- [Exercise requirements]
Beneath this task are records; print exactly the stretch of them from the line with "Definition in_RF (G" through the line with "exists g : G, y = rfna_map G F g.", both ends included.

- [Data extracts]
(* For every finitely generated group $G$ there is an exact sequence $1\to Z(RF(G))\to RF(G)\to RF_{na}(G)\to 1$, where the map $RF(G)\to RF_{na}(G)$ is the natural projection. In particular, $G$ is residually non-abelian free if and only if $G$ is residually free and $Z(G)=1$.
   Context: $\mathbb F$ denotes a non-abelian free group. $RF(G)$ is the quotient of $G$ by the intersection of the kernels of all homomorphisms $G\to\mathbb F$; $RF_{na}(G)$ is the quotient of $G$ by the intersection of the kernels of all homomorphisms $G\to\mathbb F$ with non-abelian image (so $RF_{na}(G)$ is a quotient of $RF(G)$). $G$ is residually free if $G=RF(G)$ (i.e. the natural map $G\to RF(G)$ is injective), and residually non-abelian free if $G=RF_{na}(G)$. $Z(H)$ is the center of $H$. *)

From Stdlib Require Import List.
Import ListNotations.

Record Group := {
  carrier :> Type;
  gmul : carrier -> carrier -> carrier;
  gone : carrier;
  ginv : carrier -> carrier;
  gmul_assoc : forall x y z, gmul x (gmul y z) = gmul (gmul x y) z;
  gmul_1l : forall x, gmul gone x = x;
  gmul_1r : forall x, gmul x gone = x;
  gmul_Vl : forall x, gmul (ginv x) x = gone;
  gmul_Vr : forall x, gmul x (ginv x) = gone
}.

Arguments gmul {g}.
Arguments gone {g}.
Arguments ginv {g}.

Record Hom (G H : Group) := {
  hmap :> G -> H;
  hmap_mul : forall x y, hmap (gmul x y) = gmul (hmap x) (hmap y)
}.
Arguments hmap {G H}.

Inductive in_gen (G : Group) (S : list G) : G -> Prop :=
| gen_one : in_gen G S gone
| gen_elt : forall s, In s S -> in_gen G S s
| gen_inv : forall x, in_gen G S x -> in_gen G S (ginv x)
| gen_mul : forall x y, in_gen G S x -> in_gen G S y -> in_gen G S (gmul x y).

Definition finitely_generated (G : Group) : Prop :=
  exists S : list G, forall g : G, in_gen G S g.

Definition is_free_on (F : Group) (X : Type) (i : X -> F) : Prop :=
  forall (H : Group) (f : X -> H),
    exists phi : Hom F H,
      (forall x, phi (i x) = f x) /\
      (forall psi : Hom F H, (forall x, psi (i x) = f x) -> forall y, psi y = phi y).

Definition abelian (G : Group) : Prop := forall x y : G, gmul x y = gmul y x.

Definition nonabelian_free (F : Group) : Prop :=
  (exists (X : Type) (i : X -> F), is_free_on F X i) /\ ~ abelian F.

Definition nonab_image {G F : Group} (phi : Hom G F) : Prop :=
  exists x y : G, gmul (phi x) (phi y) <> gmul (phi y) (phi x).

(* RF(G) realised concretely as the image of G in the product of copies of
   F indexed by all homomorphisms G -> F (this image is canonically
   G / (intersection of all kernels)).  Similarly RF_na(G) is the image of G
   in the product indexed by homomorphisms with non-abelian image.        *)

Definition nonabHom (G F : Group) := { phi : Hom G F | nonab_image phi }.

Definition rf_map (G F : Group) (g : G) : Hom G F -> F := fun phi => phi g.
Definition rfna_map (G F : Group) (g : G) : nonabHom G F -> F :=
  fun p => proj1_sig p g.

Definition in_RF (G F : Group) (x : Hom G F -> F) : Prop :=
  exists g : G, x = rf_map G F g.
Definition in_RFna (G F : Group) (y : nonabHom G F -> F) : Prop :=
  exists g : G, y = rfna_map G F g.

Definition pmul {I : Type} {F : Group} (x y : I -> F) : I -> F :=
  fun i => gmul (x i) (y i).
Definition pone {I : Type} {F : Group} : I -> F := fun _ => gone.

Definition rf_proj (G F : Group) (x : Hom G F -> F) : nonabHom G F -> F :=
  fun p => x (proj1_sig p).

Definition in_Z_RF (G F : Group) (x : Hom G F -> F) : Prop :=
  in_RF G F x /\ forall y, in_RF G F y -> pmul x y = pmul y x.

Definition residually_free (G F : Group) : Prop :=
  forall g h : G, rf_map G F g = rf_map G F h -> g = h.
Definition residually_nonab_free (G F : Group) : Prop :=
  forall g h : G, rfna_map G F g = rfna_map G F h -> g = h.

Definition trivial_center (G : Group) : Prop :=
  forall z : G, (forall g : G, gmul z g = gmul g z) -> z = gone.

From Stdlib Require Import List Arith Lia Classical ClassicalEpsilon FunctionalExtensionality ProofIrrelevance.
Import ListNotations.

(* The only property of F that matters is commutative transitivity (CT): if
   z <> 1 commutes with a and b, then a and b commute.  Given CT, a coordinate
   of an element of RF(G) at a homomorphism with abelian image commutes with
   everything, while at a homomorphism with non-abelian image a central
   coordinate centralises a non-abelian subgroup and hence is 1.

   CT of free groups is proved via reduced words.  A group free on X embeds, by
   its universal property, in the group of reduced words on X, and CT passes
   to subgroups.  There, z <> 1 is conjugate to a cyclically reduced word c; an
   element commuting with c has it, or its inverse, commuting with c as a
   plain word (no cancellation occurs); in a free monoid, commuting words are
   powers of a common root, so commuting with a non-empty c is transitive; and
   words commuting with c multiply without cancellation. *)

Lemma g_cancel_l (G : Group) (x y z : G) : gmul x y = gmul x z -> y = z.
Proof.
  intros H. rewrite <- (gmul_1l G y), <- (gmul_1l G z), <- (gmul_Vl G x).
  rewrite <- !gmul_assoc, H; reflexivity.
Qed.

Lemma g_cancel_r (G : Group) (x y z : G) : gmul y x = gmul z x -> y = z.
Proof.
  intros H. rewrite <- (gmul_1r G y), <- (gmul_1r G z), <- (gmul_Vr G x).
  rewrite !gmul_assoc, H; reflexivity.
Qed.

Lemma g_inv_unique (G : Group) (x y : G) : gmul x y = gone -> y = ginv x.
Proof. intros H. apply (g_cancel_l G x). rewrite H, gmul_Vr; reflexivity. Qed.

Lemma g_inv_mul (G : Group) (x y : G) : ginv (gmul x y) = gmul (ginv y) (ginv x).
Proof.
  symmetry; apply g_inv_unique.
  rewrite <- gmul_assoc, (gmul_assoc G y), gmul_Vr, gmul_1l, gmul_Vr; reflexivity.
Qed.

Lemma g_inv_inv (G : Group) (x : G) : ginv (ginv x) = x.
Proof. symmetry; apply g_inv_unique, gmul_Vl. Qed.

Lemma g_inv_one (G : Group) : ginv (@gone G) = gone.
Proof. symmetry; apply g_inv_unique, gmul_1l. Qed.

Lemma hom_one (G H : Group) (f : Hom G H) : f gone = gone.
Proof.
  apply (g_cancel_l H (f gone)). rewrite <- hmap_mul, !gmul_1l, gmul_1r; reflexivity.
Qed.

Lemma hom_inv (G H : Group) (f : Hom G H) (x : G) : f (ginv x) = ginv (f x).
Proof. apply g_inv_unique. rewrite <- hmap_mul, gmul_Vr; apply hom_one. Qed.

Definition idHom (G : Group) : Hom G G := {| hmap := fun x => x; hmap_mul := fun _ _ => eq_refl |}.

Definition compHom {A B C : Group} (g : Hom B C) (f : Hom A B) : Hom A C.
Proof. refine {| hmap := fun x => g (f x) |}. intros; rewrite !hmap_mul; reflexivity. Defined.

Definition comm {G : Group} (x y : G) : Prop := gmul x y = gmul y x.

Lemma comm_sym (G : Group) (x y : G) : comm x y -> comm y x.
Proof. unfold comm; auto. Qed.

Lemma comm_inv (G : Group) (x y : G) : comm x y -> comm x (ginv y).
Proof.
  unfold comm; intros H. apply (g_cancel_l G y). apply (g_cancel_r G y).
  rewrite !gmul_assoc, gmul_Vr, gmul_1l, <- !gmul_assoc, gmul_Vl, gmul_1r. auto.
Qed.

Lemma comm_inv_iff (G : Group) (x y : G) : comm x (ginv y) <-> comm x y.
Proof.
  split; [|apply comm_inv]. intros H. rewrite <- (g_inv_inv G y). now apply comm_inv.
Qed.

Definition conjg {G : Group} (u x : G) : G := gmul (ginv u) (gmul x u).

Lemma conjg_mul (G : Group) (u x y : G) : conjg u (gmul x y) = gmul (conjg u x) (conjg u y).
Proof.
  unfold conjg. rewrite !gmul_assoc. f_equal. rewrite <- !gmul_assoc. f_equal. f_equal.
  rewrite gmul_assoc, gmul_Vr, gmul_1l; reflexivity.
Qed.

Lemma conjg_inj (G : Group) (u x y : G) : conjg u x = conjg u y -> x = y.
Proof. unfold conjg; intros H. apply g_cancel_l in H. apply g_cancel_r in H. auto. Qed.

Lemma comm_conjg_iff (G : Group) (u x y : G) : comm (conjg u x) (conjg u y) <-> comm x y.
Proof.
  unfold comm; rewrite <- !conjg_mul. split; [apply conjg_inj | intros ->; reflexivity].
Qed.

Lemma conjg_conjugate (G : Group) (u c : G) : conjg u (gmul u (gmul c (ginv u))) = c.
Proof.
  unfold conjg. rewrite !gmul_assoc, gmul_Vl, gmul_1l, <- gmul_assoc, gmul_Vl, gmul_1r; reflexivity.
Qed.

Lemma comm_inv_iff_l (G : Group) (x y : G) : comm (ginv x) y <-> comm x y.
Proof. split; intros H; apply comm_sym, comm_inv_iff, comm_sym; exact H. Qed.

Lemma conjugate_by_one (G : Group) (z : G) : z = gmul gone (gmul z (ginv gone)).
Proof. rewrite g_inv_one, gmul_1l, gmul_1r; reflexivity. Qed.

Lemma conjugate_conjugate (G : Group) (l u c : G) :
  gmul l (gmul (gmul u (gmul c (ginv u))) (ginv l)) = gmul (gmul l u) (gmul c (ginv (gmul l u))).
Proof. rewrite g_inv_mul, !gmul_assoc. reflexivity. Qed.

Definition comm_transitive (F : Group) : Prop :=
  forall z a b : F, z <> gone -> comm z a -> comm z b -> comm a b.

Lemma comm_transitive_inj (A B : Group) (f : Hom A B) :
  (forall x y, f x = f y -> x = y) -> comm_transitive B -> comm_transitive A.
Proof.
  intros Hinj HB z a b Hz Ha Hb. apply Hinj. rewrite !hmap_mul.
  apply (HB (f z)).
  - intros E. apply Hz, Hinj. now rewrite E, hom_one.
  - unfold comm; rewrite <- !hmap_mul; congruence.
  - unfold comm; rewrite <- !hmap_mul; congruence.
Qed.

Section FreeMonoid.
Context {A : Type}.

Fixpoint word_pow (t : list A) (n : nat) : list A :=
  match n with 0 => [] | S n => t ++ word_pow t n end.

Lemma word_pow_add (t : list A) m n : word_pow t (m + n) = word_pow t m ++ word_pow t n.
Proof. induction m; simpl; auto. rewrite IHm, app_assoc; auto. Qed.

Lemma word_pow_comm (x y : list A) m : x ++ y = y ++ x -> word_pow x m ++ y = y ++ word_pow x m.
Proof.
  intros H; induction m; simpl. rewrite app_nil_r; auto.
  rewrite <- app_assoc, IHm, !app_assoc, H; auto.
Qed.

Lemma firstn_app_le (a b : list A) n : n <= length a -> firstn n (a ++ b) = firstn n a.
Proof.
  intros H. rewrite firstn_app. replace (n - length a) with 0 by lia.
  rewrite firstn_O, app_nil_r; auto.
Qed.

Lemma comm_prefix (u v : list A) : u ++ v = v ++ u -> length u <= length v ->
  v = u ++ skipn (length u) v.
Proof.
  intros H Hl. rewrite <- (firstn_skipn (length u) v) at 1. f_equal.
  assert (E := f_equal (firstn (length u)) H).
  rewrite firstn_app, Nat.sub_diag, firstn_O, app_nil_r, firstn_all in E.
  rewrite firstn_app_le in E by exact Hl. auto.
Qed.

Lemma comm_remainder (u v : list A) : u ++ v = v ++ u -> length u <= length v ->
  u ++ skipn (length u) v = skipn (length u) v ++ u.
Proof.
  intros H Hl. pose proof (comm_prefix u v H Hl) as Ev.
  rewrite Ev, <- app_assoc in H. apply app_inv_head in H. exact H.
Qed.

(* Lyndon-Schuetzenberger: commuting words are powers of a common word.
   Euclid's algorithm on lengths, by induction on |u| + |v|. *)
Lemma comm_common_root : forall n (u v : list A), length u + length v <= n ->
  u ++ v = v ++ u -> exists t m k, u = word_pow t m /\ v = word_pow t k.
Proof.
  induction n as [|n IH]; intros u v Hn H.
  - destruct u, v; simpl in *; try lia. exists [], 0, 0; auto.
  - destruct u as [|a u']; [exists v, 0, 1; simpl; rewrite app_nil_r; auto |].
    destruct v as [|b v']; [exists (a :: u'), 1, 0; simpl; rewrite app_nil_r; auto |].
    destruct (le_lt_dec (length (a :: u')) (length (b :: v'))) as [Hl|Hl].
    + pose proof (comm_prefix _ _ H Hl) as Ev.
      destruct (IH (a :: u') (skipn (length (a :: u')) (b :: v'))) as [t [m [k [E1 E2]]]].
      * rewrite length_skipn; simpl in *; lia.
      * apply comm_remainder; auto.
      * exists t, m, (m + k). split; auto. rewrite Ev, word_pow_add, <- E1, <- E2; auto.
    + assert (Hl' : length (b :: v') <= length (a :: u')) by lia.
      pose proof (comm_prefix _ _ (eq_sym H) Hl') as Eu.
      destruct (IH (b :: v') (skipn (length (b :: v')) (a :: u'))) as [t [m [k [E1 E2]]]].
      * rewrite length_skipn; simpl in *; lia.
      * apply comm_remainder; auto.
      * exists t, (m + k), m. split; auto. rewrite Eu, word_pow_add, <- E1, <- E2; auto.
Qed.

(* Case |y| <= |x| of the next lemma: y is a prefix of x, and comparing the
   prefixes of length |x| + |y| of x^n y = y x^n gives x y = y x. *)
Lemma pow_eq_comm_le (x y : list A) n m : length y <= length x -> 1 <= n -> 1 <= m ->
  word_pow x n = word_pow y m -> x ++ y = y ++ x.
Proof.
  intros Hl Hn Hm H.
  destruct n as [|n]; [lia|]. destruct m as [|m]; [lia|].
  assert (Hy : firstn (length y) x = y).
  { assert (E := f_equal (firstn (length y)) H). simpl in E.
    rewrite !firstn_app_le in E by lia. rewrite firstn_all in E; auto. }
  assert (H2 : word_pow x (S n) ++ y = y ++ word_pow x (S n)).
  { rewrite H. apply (word_pow_comm y y (S m)); reflexivity. }
  assert (E := f_equal (firstn (length x + length y)) H2).
  simpl in E. rewrite <- app_assoc in E. rewrite firstn_app_2 in E.
  rewrite (Nat.add_comm (length x)), firstn_app_2, (firstn_app_le x (word_pow x n)),
    firstn_all in E by lia.
  assert (Hf : firstn (length y) (word_pow x n ++ y) = y).
  { destruct n as [|n]; simpl.
    - rewrite firstn_all; auto.
    - rewrite <- app_assoc, firstn_app_le by lia. auto. }
  rewrite Hf in E. auto.
Qed.

Lemma pow_eq_comm (x y : list A) n m : 1 <= n -> 1 <= m ->
  word_pow x n = word_pow y m -> x ++ y = y ++ x.
Proof.
  intros Hn Hm H. destruct (le_lt_dec (length y) (length x)).
  - apply (pow_eq_comm_le x y n m); auto.
  - symmetry; apply (pow_eq_comm_le y x m n); auto; lia.
Qed.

- [Response]
Definition in_RF (G F : Group) (x : Hom G F -> F) : Prop :=
  exists g : G, x = rf_map G F g.
Definition in_RFna (G F : Group) (y : nonabHom G F -> F) : Prop :=
  exists g : G, y = rfna_map G F g.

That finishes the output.